■ Task goal
Of the lines below, report only those that contain "exists".

[Collected data entries]
Lemma eval_simple_list rho es vs ns : eval_list p rho es vs ns -> allX es ->
  all (suffix_value x) rho ->
  [/\ ns <= sumn (map esize es), all (suffix_value x) vs & size vs = size es].
Proof.
elim=> {rho es vs ns} // rho e es v vs n ns He _ IH /=.
case E: (alpha e) => // /IH /[swap] good /(_ good) [ns_le good_vs ->].
by have [n_le good_v] := eval_simple He E good; rewrite good_v good_vs; split=> //; lia.
Qed.

Definition runs_in (s : nat * seq value) (n : nat) : Prop :=
  exists m body v,
    [/\ onth p s.1 = Some (m, body), size s.2 = m & eval p s.2 body v n].

Lemma runs_in_det s n n' : runs_in s n -> runs_in s n' -> n = n'.
Proof.
case=> m [body [v [ps_mb _ Hn]]] [m' [body' [v' [ps_mb' _ Hn']]]].
move: ps_mb'; rewrite ps_mb => -[_ eq_body]; subst body'.
by have [_ ->] := (eval_det p).1 _ _ _ _ Hn _ _ Hn'.
Qed.

Lemma eval_tail rho e v n : eval p rho e v n -> alpha e <> N ->
  all (suffix_value x) rho ->
  n <= esize e \/ exists s n', [/\ runs_in s n', all (suffix_value x) s.2,
                                    n' < n & n <= n' + esize e].
Proof.
elim=> {rho e v n}; try by left.
- by move=> rho e b n He _ /unary_tag_neqN E /(eval_simple He E) []; left.
- by move=> rho e l n He _ /unary_tag_neqN E /(eval_simple He E) []; left.
- by move=> rho e b l n He _ /unary_tag_neqN E /(eval_simple He E) []; left.
- by move=> rho e b l n He _ /unary_tag_neqN E /(eval_simple He E) []; left.
- move=> rho e0 e1 e2 v n0 n1 He0 _ _ IH1 /alpha_if_neqN [E0 E1 _] good.
  have [n0_le _] := eval_simple He0 E0 good.
  case: (IH1 E1 good) => [n1_le|[s [n' [run_s good_s lt_n' le_n]]]].
    by left => /=; lia.
  by right; exists s, n'; split=> //=; lia.
- move=> rho e0 e1 e2 v n0 n2 He0 _ _ IH2 /alpha_if_neqN [E0 _ E2] good.
  have [n0_le _] := eval_simple He0 E0 good.
  case: (IH2 E2 good) => [n2_le|[s [n' [run_s good_s lt_n' le_n]]]].
    by left => /=; lia.
  by right; exists s, n'; split=> //=; lia.
- move=> rho f args m body vs ns v n ps_f size_args Hargs Hbody _.
  rewrite alpha_call; case E: allX => // _ good.
  have [ns_le good_vs size_vs] := eval_simple_list Hargs E good.
  right; exists (f, vs), n; split=> //=; try lia.
  by exists m, body, v; split=> //; rewrite size_vs.
Qed.
End Evaluation.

■ Completed exercise
  exists m body v,
  n <= esize e \/ exists s n', [/\ runs_in s n', all (suffix_value x) s.2,
  by right; exists s, n'; split=> //=; lia.
  by right; exists s, n'; split=> //=; lia.
  right; exists (f, vs), n; split=> //=; try lia.
  by exists m, body, v; split=> //; rewrite size_vs.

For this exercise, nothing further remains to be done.